#### What is expected
Track down every line below that holds "Lemma" and copy it.

- - - - -

(* Consider Algorithm SS-SQP (described in the context) under the standing assumptions (A1), (A2). Let $\kappa_l>0$ be a constant such that for all $k$, $\Delta l(x_k,\bar\tau_k,\bar g_k,\bar d_k)\ge\kappa_l\bar\tau_k(\|\bar d_k\|^2+\|c_k\|)$ and $\Delta l(x_k,\tau_k,\nabla f_k,d_k)\ge\kappa_l\tau_k(\|d_k\|^2+\|c_k\|)$ (such a constant exists). Then for all $k\in\mathbb{N}$: (1) if $\|\bar g_k-\nabla f_k\|\le\kappa_{\mathrm{FO}}\alpha_k\sqrt{\Delta l(x_k,\bar\tau_k,\bar g_k,\bar d_k)}$, then $$|\nabla f_k^Td_k-\bar g_k^T\bar d_k|\le\left(\frac{(1+\kappa_H\zeta^{-1})\kappa_{\mathrm{FO}}\alpha_k}{\sqrt{\kappa_l\bar\tau_k}}+\frac{\kappa_{\mathrm{FO}}^2\alpha_k^2}{\zeta}\right)\Delta l(x_k,\bar\tau_k,\bar g_k,\bar d_k)$$ and $$|d_k^TH_kd_k-\bar d_k^TH_k\bar d_k|\le\left(\frac{2\kappa_H\zeta^{-1}\kappa_{\mathrm{FO}}\alpha_k}{\sqrt{\kappa_l\bar\tau_k}}+\frac{\kappa_H\kappa_{\mathrm{FO}}^2\alpha_k^2}{\zeta^2}\right)\Delta l(x_k,\bar\tau_k,\bar g_k,\bar d_k);$$ (2) if $\|\bar g_k-\nabla f_k\|\le\epsilon_g$, then $$|\nabla f_k^Td_k-\bar g_k^T\bar d_k|\le\frac{(1+\kappa_H\zeta^{-1})\epsilon_g}{\sqrt{\kappa_l\tau_k}}\sqrt{\Delta l(x_k,\tau_k,\nabla f_k,d_k)}+\zeta^{-1}\epsilon_g^2$$ and $$|d_k^TH_kd_k-\bar d_k^TH_k\bar d_k|\le\frac{2\kappa_H\zeta^{-1}\epsilon_g}{\sqrt{\kappa_l\tau_k}}\sqrt{\Delta l(x_k,\tau_k,\nabla f_k,d_k)}+\kappa_H\zeta^{-2}\epsilon_g^2.$$
   Context: Problem: $\min_{x\in\mathbb{R}^n}f(x)$ s.t. $c(x)=0$ with $f,c$ continuously differentiable, $c:\mathbb{R}^n\to\mathbb{R}^m$, $m\le n$; $\nabla f_k=\nabla f(x_k)$, $c_k=c(x_k)$, $J_k=\nabla c(x_k)^T$; $\|\cdot\|$ Euclidean norm. $\Delta l(x,\tau,g,d)=-\tau g^Td+\|c(x)\|_1$. $\kappa_{\mathrm{FO}},\epsilon_g\ge0$ are constants (first-order oracle parameters). Standing assumption (A1): there is an open convex set $\mathcal{X}$ containing all iterates and trial iterates; $f$ bounded below, $\nabla f$ $L$-Lipschitz and bounded, $c$ bounded, each $\nabla c_i$ Lipschitz and bounded on $\mathcal{X}$; singular values of $\nabla c(x)^T$ bounded away from zero on $\mathcal{X}$. (A2): $H_k$ symmetric, chosen independently of $\bar g_k$, $\|H_k\|\le\kappa_H$, $u^TH_ku\ge\zeta\|u\|^2$ for $u\in\mathrm{Null}(J_k)$, $\kappa_H,\zeta>0$. Algorithm SS-SQP: inputs $x_0$, $\bar\tau_{-1}>0$, $\alpha_{\max}\in(0,1]$, $\alpha_0\in(0,\alpha_{\max}]$, $\epsilon_f\ge0$, $\gamma,\theta,\sigma,\epsilon_\tau\in(0,1)$. At iteration $k$: random gradient estimate $\bar g_k$; solve $\begin{bmatrix}H_k & J_k^T\\ J_k&0\end{bmatrix}\begin{bmatrix}\bar d_k\\ \bar y_k\end{bmatrix}=-\begin{bmatrix}\bar g_k\\ c_k\end{bmatrix}$; $\bar\tau_k^{\rm trial}=\infty$ if $\bar g_k^T\bar d_k+\max\{\bar d_k^TH_k\bar d_k,0\}\le0$, else $(1-\sigma)\|c_k\|_1/(\bar g_k^T\bar d_k+\max\{\bar d_k^TH_k\bar d_k,0\})$; $\bar\tau_k=\bar\tau_{k-1}$ if $\bar\tau_{k-1}\le\bar\tau_k^{\rm trial}$, else $\min\{(1-\epsilon_\tau)\bar\tau_{k-1},\bar\tau_k^{\rm trial}\}$; $x_k^+=x_k+\alpha_k\bar d_k$; with objective estimates $\bar f$ and $\bar\phi(x,\tau;\xi)=\tau\bar f(x;\xi)+\|c(x)\|_1$, set $x_{k+1}=x_k^+$, $\alpha_{k+1}=\min\{\alpha_{\max},\alpha_k/\gamma\}$ if $\bar\phi(x_k^+,\bar\tau_k;\xi_k^+)\le\bar\phi(x_k,\bar\tau_k;\xi_k^0)-\alpha_k\theta\Delta l(x_k,\bar\tau_k,\bar g_k,\bar d_k)+2\bar\tau_k\epsilon_f$, else $x_{k+1}=x_k$, $\alpha_{k+1}=\gamma\alpha_k$. Deterministic quantities: $(d_k,y_k)$ solves the same system with $\bar g_k$ replaced by $\nabla f_k$; $\tau_k^{\rm trial}=\infty$ if $\nabla f_k^Td_k+\max\{d_k^TH_kd_k,0\}\le0$, else $(1-\sigma)\|c_k\|_1/(\nabla f_k^Td_k+\max\{d_k^TH_kd_k,0\})$; $\tau_k=\bar\tau_k$ if $\bar\tau_k\le\tau_k^{\rm trial}$, else $\tau_k=\min\{(1-\epsilon_\tau)\bar\tau_k,\tau_k^{\rm trial}\}$. *)

From HB Require Import structures.
From mathcomp Require Import all_boot all_order all_algebra.
From mathcomp Require Import all_classical all_reals all_analysis.
Set Implicit Arguments.
Unset Strict Implicit.
Unset Printing Implicit Defensive.
Import Order.TTheory GRing.Theory Num.Theory.
Import numFieldNormedType.Exports.
Local Open Scope ring_scope.
Local Open Scope classical_set_scope.
Lemma sum_from_scal r f K m : sum_from (fun n => r * f n) K m = r * sum_from f K m.
Proof. induction m; simpl; [|rewrite IHm]; ring. Qed.

Lemma sum_from_split f K m : sum_from f 0 (K + m) = sum_from f 0 K + sum_from f K m.
Proof.
  induction m; simpl; [rewrite Nat.add_0_r; ring|].
  rewrite Nat.add_succ_r. simpl. rewrite IHm. ring.
Qed.

Lemma sum_from_term f K m i : (forall n, 0 <= f n) -> (i < m)%nat -> f (K + i)%nat <= sum_from f K m.
Proof.
  intros H. induction m; intros Hi; [lia|]. simpl.
  pose proof (sum_from_nonneg f K m H). pose proof (H (K + m)%nat).
  destruct (Nat.eq_dec i m) as [->|Hne]; [lra|]. pose proof (IHm ltac:(lia)). lra.
Qed.

Lemma Rabs_le_sqrt_sum_from_sq (u : nat -> R) K m i : (i < m)%nat ->
  Rabs (u (K + i)%nat) <= sqrt (sum_from (fun n => u n ^ 2) K m).
Proof.
  intros Hi. apply le_sqrt_of_sq_le; [apply Rabs_pos|]. rewrite pow2_abs.
  apply (sum_from_term (fun n => u n ^ 2)); auto. intros; apply pow2_ge_0.
Qed.

Lemma sum_from_tol K m : sum_from tol K m <= / 8.
Proof.
  unfold tol. rewrite sum_from_scal.
  assert (G : sum_from (fun n => (/ 2) ^ n) K m <= 2 - 2 * (/ 2) ^ (K + m)).
  { induction m; simpl.
    - rewrite Nat.add_0_r. assert ((/ 2) ^ K <= 1) by (rewrite <- (pow1 K); apply pow_incr; lra). lra.
    - rewrite Nat.add_succ_r. simpl. lra. }
  change (pow (/ 2)) with (fun n : nat => (/ 2) ^ n).
  pose proof (pow_lt (/ 2) (K + m) ltac:(lra)). lra.
Qed.

Lemma sum_n_m_sum_from f n d : sum_n_m f n (n + d) = sum_from f n (S d).
Proof.
  induction d.
  - rewrite Nat.add_0_r, sum_n_n. simpl. rewrite Nat.add_0_r. symmetry. apply Rplus_0_l.
  - rewrite Nat.add_succ_r, sum_n_Sm, IHd by lia. simpl. rewrite Nat.add_succ_r. reflexivity.
Qed.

- - - - -

#### Completed exercise
Lemma sum_from_scal r f K m : sum_from (fun n => r * f n) K m = r * sum_from f K m.
Lemma sum_from_split f K m : sum_from f 0 (K + m) = sum_from f 0 K + sum_from f K m.
Lemma sum_from_term f K m i : (forall n, 0 <= f n) -> (i < m)%nat -> f (K + i)%nat <= sum_from f K m.
Lemma Rabs_le_sqrt_sum_from_sq (u : nat -> R) K m i : (i < m)%nat ->
Lemma sum_from_tol K m : sum_from tol K m <= / 8.
Lemma sum_n_m_sum_from f n d : sum_n_m f n (n + d) = sum_from f n (S d).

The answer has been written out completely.